(* For every integer $n \geq 4$, the graph $G_n$ has chromatic number $n-2$ and is edge-critical, i.e., $\chi(G_n - e) < \chi(G_n)$ for every edge $e$ of $G_n$.
   Context: Let $[n]=\{1,\dots,n\}$. A $2$-subset $\{a,b\}$ of $[n]$ with $a<b$ is called stable if $b \neq a+1$ and $\{a,b\}\neq\{1,n\}$; it is written $ab$. For $n\ge 4$, the graph $G_n$ has as vertex set all stable $2$-subsets of $[n]$. Two vertices $ab$ ($a<b$) and $cd$ ($c<d$) with $a<c$ are adjacent in $G_n$ if and only if $\{a,b\}\cap\{c,d\}=\emptyset$ and one of the following holds: $a<c<b<d$ (a crossing pair), or $1<a<c<d<b$ (a transverse pair). $\chi$ denotes chromatic number. *)

From mathcomp Require Import all_boot.
Set Implicit Arguments. Unset Strict Implicit. Unset Printing Implicit Defensive.

Definition colorable (T : finType) (e : rel T) (k : nat) : bool :=
  [exists f : {ffun T -> 'I_k}, [forall x, forall y, e x y ==> (f x != f y)]].

Lemma colorable_card (T : finType) (e : rel T) (irr : irreflexive e) :
  exists k, colorable e k.
Proof.
exists #|T|; apply/existsP; exists [ffun x => enum_rank x].
apply/forallP => x; apply/forallP => y; apply/implyP => exy.
rewrite !ffunE; apply/negP => /eqP/enum_rank_inj exy'.
by move: exy; rewrite exy' irr.
Qed.

Definition chi (T : finType) (e : rel T) (irr : irreflexive e) : nat :=
  ex_minn (colorable_card irr).

Definition del_edge (T : finType) (e : rel T) (u v : T) : rel T :=
  fun x y => e x y && ~~ (((x == u) && (y == v)) || ((x == v) && (y == u))).

Lemma del_edge_irr (T : finType) (e : rel T) (u v : T) :
  irreflexive e -> irreflexive (del_edge e u v).
Proof. by move=> irr x; rewrite /del_edge irr. Qed.

(* Points of [n] = {1,..,n} are represented as elements a : 'I_n.+1 with 1 <= a. *)
(* A pair (a, b) is a stable 2-subset ab of [n] (with a < b). *)
Definition stable (n : nat) (p : 'I_n.+1 * 'I_n.+1) : bool :=
  let a := val p.1 in let b := val p.2 in
  [&& 1 <= a, a < b, b != a.+1 & ~~ ((a == 1) && (b == n))].

Definition Gvert (n : nat) : finType := {p : 'I_n.+1 * 'I_n.+1 | @stable n p}.

Definition adj_ord (n : nat) (x y : Gvert n) : bool :=
  let a := val (val x).1 in let b := val (val x).2 in
  let c := val (val y).1 in let d := val (val y).2 in
  [&& a < c,
      [&& a != c, a != d, b != c & b != d] &
      ((a < c < b) && (b < d)) || [&& 1 < a, a < c, c < d & d < b]].

Definition Gadj (n : nat) : rel (Gvert n) := fun x y => adj_ord x y || adj_ord y x.

Lemma Gadj_irr (n : nat) : irreflexive (@Gadj n).
Proof. by move=> x; rewrite /Gadj /adj_ord ltnn. Qed.

From mathcomp Require Import zify.
From mathcomp Require Import all_boot.
Set Implicit Arguments. Unset Strict Implicit. Unset Printing Implicit Defensive.
(* Let $G=Q_8=\langle i,j\mid i^4=j^4=j^{-1}iji=1,\ i^2=j^2\rangle$ and let $m\ge 3$. Let $\Delta$ be the graph with vertex set $G\times\{0,\dots,m-1\}$ (write $g_\ell=(g,\ell)$, $G_\ell=G\times\{\ell\}$) with the following edges: inside $G_0$, $\{g_0,(rg)_0\}$ for $r\in\{i,i^2,i^3\}$; inside $G_\ell$ for $\ell\in\{1,\dots,m-3\}$, $\{g_\ell,(i^2g)_\ell\}$; no edges inside $G_{m-2}$; inside $G_{m-1}$, $\{g_{m-1},(rg)_{m-1}\}$ for $r\in\{j,j^{-1}\}$; for $\ell\in\{0,\dots,m-3\}$ and $g\in G$, $g_\ell$ is adjacent to $g_{\ell+1}$ and to $(ig)_{\ell+1}$; for $g\in G$, $g_{m-2}$ is adjacent to $g_{m-1}$, $(ig)_{m-1}$ and $(jg)_{m-1}$; there are no other edges. Then, identifying $g\in G$ with the permutation $y_\ell\mapsto(yg)_\ell$, $\mathrm{Aut}(\Delta)=G$. Consequently $Q_8$ admits an $m$-GRR for every $m\ge 3$.
   Context: An $m$-GRR for a group $G$ is a finite regular simple graph having a semiregular group of automorphisms isomorphic to $G$ with exactly $m$ vertex-orbits and whose full automorphism group is isomorphic to $G$. *)

From HB Require Import structures.
From mathcomp Require Import all_boot all_fingroup.
Set Implicit Arguments. Unset Strict Implicit. Unset Printing Implicit Defensive.
(* Let $G\in\mathcal{G}_3$ and let $x$ be an interior vertex of $G$, i.e. $S(x)\in\mathcal{S}_2$. For $k\ge0$ let $V_k$ denote the number of complete subgraphs $K_{k+1}$ of $S(x)$. Then the curvature $K(x)=1-\frac{V_0}{2}+\frac{V_1}{3}-\frac{V_2}{4}$ equals $0$.
   Context: All graphs are finite simple graphs $G=(V,E)$. For a vertex $x$, the unit sphere $S(x)$ is the subgraph induced by the neighbors of $x$. A graph is contractible if it is the one-vertex graph $K_1$, or, inductively, if there is a vertex $x$ such that both $S(x)$ and the subgraph induced by $V\setminus\{x\}$ are contractible. Let $\mathcal{G}_0$ be the class of graphs without edges, $\mathcal{S}_0\subset\mathcal{G}_0$ those with exactly two vertices, $\mathcal{B}_0\subset\mathcal{G}_0$ those with exactly one vertex. For $d\ge1$, inductively: $\mathcal{G}_d$ is the class of graphs in which every unit sphere $S(x)$ lies in $\mathcal{S}_{d-1}\cup\mathcal{B}_{d-1}$; the boundary $\delta G$ is the subgraph induced by vertices $x$ with $S(x)\in\mathcal{B}_{d-1}$, and the interior (the other vertices, those with $S(x)\in\mathcal{S}_{d-1}$) is required to be nonempty; $\mathcal{B}_d$ is the class of contractible graphs in $\mathcal{G}_d$ whose boundary lies in $\mathcal{S}_{d-1}$; $\mathcal{S}_d$ is the class of non-contractible graphs in $\mathcal{G}_d$ such that removing any single vertex (with its incident edges) yields a graph in $\mathcal{B}_d$. *)

(* A finite simple graph is represented as the subgraph
   induced on a vertex set V : {set T} of an ambient graph (T, e) with
   e : rel T symmetric and irreflexive. *)
From mathcomp Require Import all_boot all_order all_algebra.
Set Implicit Arguments. Unset Strict Implicit. Unset Printing Implicit Defensive.

Section Graphs.
Variables (T : finType) (e : rel T).

Definition sphere (V : {set T}) (x : T) : {set T} := [set y in V | e x y].

Inductive contractible : {set T} -> Prop :=
| contr_K1 (x : T) : contractible [set x]
| contr_step (V : {set T}) (x : T) : x \in V -> contractible (sphere V x) ->
    contractible (V :\ x) -> contractible V.

Fixpoint classes (d : nat) :
  ({set T} -> Prop) * ({set T} -> Prop) * ({set T} -> Prop) :=
  match d with
  | 0 =>
    let G := fun V : {set T} => forall x y, x \in V -> y \in V -> ~~ e x y in
    (G, (fun V => G V /\ #|V| = 2), (fun V => G V /\ #|V| = 1))
  | d'.+1 =>
    let '(_, S', B') := classes d' in
    let G := fun V : {set T} =>
      (forall x, x \in V -> S' (sphere V x) \/ B' (sphere V x)) /\
      (exists x, x \in V /\ S' (sphere V x)) in
    let B := fun V : {set T} =>
      contractible V /\ G V /\
      (exists D : {set T},
         (forall x, x \in D <-> (x \in V /\ B' (sphere V x))) /\ S' D) in
    let S := fun V : {set T} =>
      G V /\ ~ contractible V /\ (forall x, x \in V -> B (V :\ x)) in
    (G, S, B)
  end.

Definition Gcls d := (classes d).1.1.
Definition Scls d := (classes d).1.2.
Definition Bcls d := (classes d).2.

Definition is_clique (A : {set T}) : bool :=
  [forall a in A, forall b in A, (a != b) ==> e a b].

Definition num_cliques (W : {set T}) (k : nat) : nat :=
  #|[set A : {set T} | (A \subset W) && (#|A| == k.+1) && is_clique A]|.

Local Open Scope ring_scope.
Definition curvature (V : {set T}) (x : T) : rat :=
  let W := sphere V x in
  1 - (num_cliques W 0)%:R / 2 + (num_cliques W 1)%:R / 3
    - (num_cliques W 2)%:R / 4.

End Graphs.

(* Write v0, v1, v2 for the numbers of vertices, edges and triangles of the
   unit sphere W = S(x). Removing a vertex a from a graph changes the reduced
   Euler characteristic by that of S(a), so contractible graphs have reduced
   Euler characteristic 0 and, inductively, every graph of S_d has (-1)^d.
   For W in S_2 this gives v0 - v1 + v2 = 2. Every unit sphere of W lies in
   S_1 and counting each clique of W once per vertex turns the sum of their
   characteristics into 2 v1 = 3 v2. Eliminating v0 and v1 from K(x) gives 0. *)

From mathcomp Require Import all_boot all_order all_algebra.
From mathcomp Require Import lra zify.
Set Implicit Arguments. Unset Strict Implicit. Unset Printing Implicit Defensive.
Import Order.TTheory GRing.Theory Num.Theory.
Local Open Scope ring_scope.

Section CliqueSums.
Variables (T : finType) (e : rel T).
Hypotheses (e_sym : symmetric e) (e_irr : irreflexive e).

Lemma cliqueP (A : {set T}) :
  reflect {in A &, forall a b, a != b -> e a b} (is_clique e A).
Proof.
apply: (iffP forall_inP) => [cl a b aA bA | cl a aA].
  by move/forall_inP/(_ b bA)/implyP: (cl a aA).
by apply/forall_inP => b bA; apply/implyP; apply: cl.
Qed.

Lemma clique0 : is_clique e set0.
Proof. by apply/cliqueP => a; rewrite inE. Qed.

Lemma sphere_sub (W : {set T}) a : sphere e W a \subset W.
Proof. by apply/subsetP => y; rewrite inE => /andP[]. Qed.

Definition clique_sum (W : {set T}) (f : nat -> int) : int :=
  \sum_(B : {set T} | (B \subset W) && is_clique e B) f #|B|.

(* [B |-> B :\ a] is a bijection from the cliques of [W] through [a] onto
   the cliques of the unit sphere of [a]. *)
Lemma clique_sum_star (W : {set T}) a (f : nat -> int) : a \in W ->
  \sum_(B : {set T} | [&& B \subset W, is_clique e B & a \in B]) f #|B|
  = clique_sum (sphere e W a) (f \o succn).
Proof.
move=> aW; rewrite (reindex_onto (fun C => a |: C) (fun B => B :\ a)); last first.
  by move=> B /and3P[_ _ aB]; rewrite setD1K.
apply: eq_big => C; last first.
  by move=> /andP[_ /eqP <-]; rewrite /= cardsU1 !inE eqxx.
apply/idP/idP => [/andP[/and3P[sW cl _] /eqP eqC] | /andP[sS cl]].
  have aC : a \notin C by rewrite -eqC !inE eqxx.
  apply/andP; split; last first.
    by apply/cliqueP => u v uC vC; apply: (cliqueP _ cl); rewrite inE ?uC ?vC orbT.
  apply/subsetP => y yC; rewrite inE (subsetP sW) ?inE ?yC ?orbT //=.
  by apply: (cliqueP _ cl); rewrite ?inE ?eqxx ?yC ?orbT //; apply: contraNneq aC => ->.
have aC : a \notin C by apply/negP => /(subsetP sS); rewrite inE e_irr andbF.
rewrite setU1K // eqxx setU11 !andbT subUset sub1set aW (subset_trans sS) ?sphere_sub //=.
apply/cliqueP => u v; rewrite !inE => /predU1P[-> | uC] /predU1P[-> | vC].
- by rewrite eqxx.
- by move=> _; move: (subsetP sS v vC); rewrite inE => /andP[].
- by move=> _; move: (subsetP sS u uC); rewrite inE e_sym => /andP[].
- exact: (cliqueP _ cl).
Qed.

Lemma clique_sum_split (W : {set T}) a (f : nat -> int) : a \in W ->
  clique_sum W f = clique_sum (W :\ a) f + clique_sum (sphere e W a) (f \o succn).
Proof.
move=> aW; rewrite -clique_sum_star // /clique_sum (bigID (fun B : {set T} => a \in B)) /= addrC.
congr (_ + _); last by apply: eq_bigl => B; rewrite andbA.
by apply: eq_bigl => B; rewrite subsetD1 andbAC.
Qed.

(* Summing the counts over all unit spheres counts each clique once per vertex. *)
Lemma sum_clique_sum_spheres (W : {set T}) (f : nat -> int) :
  \sum_(a in W) clique_sum (sphere e W a) f
  = clique_sum W (fun n => n%:R * f n.-1).
Proof.
under eq_bigr => a aW do
  rewrite -[clique_sum _ f]/(clique_sum _ ((f \o predn) \o succn)) -clique_sum_star //.
rewrite /clique_sum (exchange_big_dep (fun B : {set T} => (B \subset W) && is_clique e B)) /=;
  last by move=> a B _ /and3P[-> ->].
apply: eq_bigr => B /andP[sBW cl]; rewrite sumr_const mulr_natl.
congr (_ *+ _); apply: eq_card => a.
by rewrite unfold_in /= sBW cl /= andb_idl // => /(subsetP sBW).
Qed.

Lemma clique_sum_bounded (W : {set T}) n (f : nat -> int) :
  (forall B : {set T}, B \subset W -> is_clique e B -> #|B| <= n)%N ->
  clique_sum W f = \sum_(k < n.+1) f k * clique_sum W (fun m => (m == k)%:R).
Proof.
move=> bnd; rewrite /clique_sum.
under [RHS]eq_bigr do rewrite mulr_sumr.
rewrite exchange_big /=; apply: eq_bigr => B /andP[sBW cl].
rewrite (eq_bigr (fun k : 'I_n.+1 => if #|B| == k then f #|B| else 0)); last first.
  by move=> k _; case: eqP => [-> | _]; rewrite ?mulr1 ?mulr0.
rewrite -big_mkcond (eq_bigl (fun k : 'I_n.+1 => val k == #|B|)) => [|k]; last exact: eq_sym.
by rewrite (big_ord1_eq _ (fun=> f #|B|)) ltnS bnd.
Qed.

Lemma clique_sum_size0 (W : {set T}) : clique_sum W (fun m => (m == 0)%:R) = 1.
Proof.
rewrite /clique_sum (bigD1 set0) ?sub0set ?clique0 //= cards0 big1 ?addr0 //.
by move=> B /andP[_]; rewrite -cards_eq0 => /negbTE ->.
Qed.

Lemma num_cliquesE (W : {set T}) k :
  (num_cliques e W k)%:Z = clique_sum W (fun m => (m == k.+1)%:R).
Proof.
rewrite /num_cliques -sum1_card -natz natr_sum /clique_sum big_mkcond [RHS]big_mkcond.
apply: eq_bigr => B _; rewrite inE -andbA.
by case: (B \subset W); case: (is_clique e B); case: (#|B| == k.+1).
Qed.

Lemma num_cliques0 (W : {set T}) : num_cliques e W 0 = #|W|.
Proof.
rewrite /num_cliques -[#|W|](card_imset _ set1_inj); apply: eq_card => A.
rewrite !inE -andbA; apply/and3P/imsetP => [[sAW /cards1P[a Aa] _] | [a aW ->]].
  by exists a; rewrite // -sub1set -Aa.
by rewrite sub1set cards1; split=> //; apply/cliqueP => u v /set1P-> /set1P->; rewrite eqxx.
Qed.

Lemma clique_sum_num_cliques (W : {set T}) n (f : nat -> int) :
  (forall B : {set T}, B \subset W -> is_clique e B -> #|B| <= n)%N ->
  clique_sum W f = f 0%N + \sum_(k < n) f k.+1 * (num_cliques e W k)%:Z.
Proof.
move=> bnd; rewrite (clique_sum_bounded f bnd) big_ord_recl clique_sum_size0 mulr1.
by congr (_ + _); apply: eq_bigr => k _; rewrite num_cliquesE.
Qed.

End CliqueSums.

Section ReducedEuler.
Variables (T : finType) (e : rel T).
Hypotheses (e_sym : symmetric e) (e_irr : irreflexive e).

(* Summing over all cliques including the empty one gives chi - 1, the
   reduced Euler characteristic. *)
Definition reduced_euler (W : {set T}) : int :=
  clique_sum e W (fun n => (-1) ^+ n.+1).

Lemma reduced_euler_split (W : {set T}) a : a \in W ->
  reduced_euler W = reduced_euler (W :\ a) - reduced_euler (sphere e W a).
Proof.
move=> aW; rewrite /reduced_euler (clique_sum_split e_sym e_irr _ aW) -sumrN.
by congr (_ + _); apply: eq_bigr => B _; rewrite /= exprS mulN1r.
Qed.

Lemma reduced_euler_contractible (W : {set T}) :
  contractible e W -> reduced_euler W = 0.
Proof.
elim=> [x | U x xU _ euS _ euU]; last by rewrite (reduced_euler_split xU) euS euU subrr.
rewrite (reduced_euler_split (set11 x)) [sphere _ _ _](_ : _ = [set x] :\ x) ?subrr //.
by apply/setP => y; rewrite !inE; case: eqP => [-> | _]; rewrite ?e_irr.
Qed.

Lemma reduced_euler0 : reduced_euler set0 = -1.
Proof.
rewrite /reduced_euler /clique_sum (big_pred1 set0) ?cards0 ?expr1 // => B.
by rewrite subset0 andb_idr // => /eqP ->; apply: clique0.
Qed.

Lemma reduced_euler_edgeless (W : {set T}) :
  {in W &, forall x y, ~~ e x y} -> reduced_euler W = #|W|%:Z - 1.
Proof.
elim: {W}#|W| {-2}W (erefl #|W|) => [|n IH] W cardW noedge.
  by rewrite (cards0_eq cardW) reduced_euler0 cards0.
have [a aW] : {a | a \in W} by apply/sigW/set0Pn; rewrite -card_gt0 cardW.
rewrite (reduced_euler_split aW).
have -> : sphere e W a = set0.
  apply/setP => y; rewrite !inE; apply/negbTE/nandP.
  by case: (boolP (y \in W)) => yW; [right; apply: noedge | left].
have cardWa : #|W :\ a| = n by move: cardW; rewrite (cardsD1 a) aW => -[].
rewrite reduced_euler0 IH ?cardWa ?cardW //; first lia.
by move=> x y /setD1P[_ xW] /setD1P[_ yW]; apply: noedge.
Qed.

End ReducedEuler.

Section Classes.
Variables (T : finType) (e : rel T).
Hypotheses (e_sym : symmetric e) (e_irr : irreflexive e).

Lemma GclsS d (W : {set T}) : Gcls e d.+1 W <->
  (forall x, x \in W -> Scls e d (sphere e W x) \/ Bcls e d (sphere e W x)) /\
  (exists x, x \in W /\ Scls e d (sphere e W x)).
Proof. by rewrite /Gcls /Scls /Bcls /=; case: (classes e d) => [[G S] B]. Qed.

Lemma SclsS d (W : {set T}) : Scls e d.+1 W <->
  [/\ Gcls e d.+1 W, ~ contractible e W & forall x, x \in W -> Bcls e d.+1 (W :\ x)].
Proof.
by rewrite /Gcls /Scls /Bcls /=; case: (classes e d) => [[G S] B]; split=> [[? []] | []].
Qed.

Lemma Scls_Gcls d (W : {set T}) : Scls e d W -> Gcls e d W.
Proof. by case: d => [[] | d /SclsS[]]. Qed.

Lemma Bcls_Gcls d (W : {set T}) : Bcls e d W -> Gcls e d W.
Proof.
case: d => [[] // | d]; rewrite /Gcls /Bcls /=.
by case: (classes e d) => [[G S] B] /= [_ []].
Qed.

Lemma Bcls_contractible d (W : {set T}) : Bcls e d W -> contractible e W.
Proof.
case: d => [[_ /eqP/cards1P[x ->]] | d]; first exact: contr_K1.
by rewrite /Bcls /=; case: (classes e d) => [[G S] B] /= [].
Qed.

Lemma reduced_euler_Scls d (W : {set T}) :
  Scls e d W -> reduced_euler e W = (-1) ^+ d.
Proof.
elim: d W => [W [noedge cardW] | d IH W /SclsS[/GclsS[_ [u [uW Su]]] _ Bdel]].
  by rewrite (reduced_euler_edgeless e_sym e_irr noedge) cardW.
rewrite (reduced_euler_split e_sym e_irr uW).
rewrite (reduced_euler_contractible e_sym e_irr (Bcls_contractible (Bdel u uW))).
by rewrite IH // sub0r exprS mulN1r.
Qed.

(* A ball as a unit sphere would make the reduced Euler characteristic of
   [W] vanish, but it is [+-1]. *)
Lemma Scls_sphere d (W : {set T}) v :
  Scls e d.+1 W -> v \in W -> Scls e d (sphere e W v).
Proof.
move=> SW vW; have /SclsS[/GclsS[/(_ v vW)[] // Bv _] _ Bdel] := SW.
have := reduced_euler_Scls SW.
rewrite (reduced_euler_split e_sym e_irr vW).
have contr0 := reduced_euler_contractible e_sym e_irr.
rewrite (contr0 _ (Bcls_contractible Bv)) (contr0 _ (Bcls_contractible (Bdel v vW))).
by rewrite subrr => /esym/eqP; rewrite expf_eq0 oppr_eq0 oner_eq0.
Qed.

Lemma Gcls_clique_card d (W B : {set T}) :
  Gcls e d W -> B \subset W -> is_clique e B -> (#|B| <= d.+1)%N.
Proof.
elim: d W B => [W B noedge | d IH W B /GclsS[Wsph _]] sBW /cliqueP cl.
  apply/card_le1_eqP => a b aB bB; apply: contraNeq (cl b a bB aB) _.
  exact: (noedge b a (subsetP sBW b bB) (subsetP sBW a aB)).
have [B0 | [a aB]] := set_0Vmem B; first by rewrite B0 cards0.
have aW := subsetP sBW a aB.
rewrite (cardsD1 a) aB ltnS (IH (sphere e W a)) //.
- by case: (Wsph a aW) => [/Scls_Gcls | /Bcls_Gcls].
- apply/subsetP => b /setD1P[ba bB]; rewrite inE (subsetP sBW) //=.
  by apply: cl; rewrite // eq_sym.
- by apply/cliqueP => u v /setD1P[_ uB] /setD1P[_ vB]; apply: cl.
Qed.

End Classes.

Section TwoSpheres.
Variables (T : finType) (e : rel T).
Hypotheses (e_sym : symmetric e) (e_irr : irreflexive e).
Variable W : {set T}.
Hypothesis SW : Scls e 2 W.

Lemma clique_sum_sphere2 (U : {set T}) (f : nat -> int) : U \subset W ->
  clique_sum e U f = f 0%N + f 1%N * (num_cliques e U 0)%:Z
    + f 2%N * (num_cliques e U 1)%:Z + f 3%N * (num_cliques e U 2)%:Z.
Proof.
move=> sUW; rewrite (@clique_sum_num_cliques _ _ _ 3) => [|B sBU cl].
  by rewrite !big_ord_recl big_ord0 addr0 !addrA.
exact: Gcls_clique_card (Scls_Gcls SW) (subset_trans sBU sUW) cl.
Qed.

Lemma euler_sphere2 :
  (num_cliques e W 0 + num_cliques e W 2 = 2 + num_cliques e W 1)%N.
Proof.
move: (reduced_euler_Scls e_sym e_irr SW).
by rewrite /reduced_euler clique_sum_sphere2 // !exprS expr0; lia.
Qed.

(* Each unit sphere is a circle, of reduced Euler characteristic [-1]; summing
   over all vertices gives [- v0 = - v0 + 2 v1 - 3 v2]. *)
Lemma edges_triangles_sphere2 :
  (2 * num_cliques e W 1 = 3 * num_cliques e W 2)%N.
Proof.
have sum_links : \sum_(a in W) reduced_euler e (sphere e W a) = - #|W|%:Z.
  rewrite (eq_bigr (fun=> -1)) => [|a aW]; first by rewrite sumr_const mulNrn natz.
  by rewrite (reduced_euler_Scls e_sym e_irr (Scls_sphere e_sym e_irr SW aW)).
move: sum_links; rewrite /reduced_euler sum_clique_sum_spheres // clique_sum_sphere2 //=.
by rewrite -(num_cliques0 e) !exprS expr0; lia.
Qed.

End TwoSpheres.

Theorem mainTheorem4 (T : finType) (e : rel T)
  (e_sym : symmetric e) (e_irr : irreflexive e)
  (V : {set T}) (x : T) :
  Gcls e 3 V -> x \in V -> Scls e 2 (sphere e V x) ->
  curvature e V x = 0%R.
Proof.
move=> _ _ SW; rewrite /curvature.
have /(congr1 (fun n : nat => n%:R : rat)) /= := euler_sphere2 e_sym e_irr SW.
have /(congr1 (fun n : nat => n%:R : rat)) /= := edges_triangles_sphere2 e_sym e_irr SW.
rewrite !natrM !natrD; lra.
Qed.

■ Assignment
If a line in the records includes the string "Prop", copy it.

■ Answer to the exercise
Inductive contractible : {set T} -> Prop :=
  ({set T} -> Prop) * ({set T} -> Prop) * ({set T} -> Prop) :=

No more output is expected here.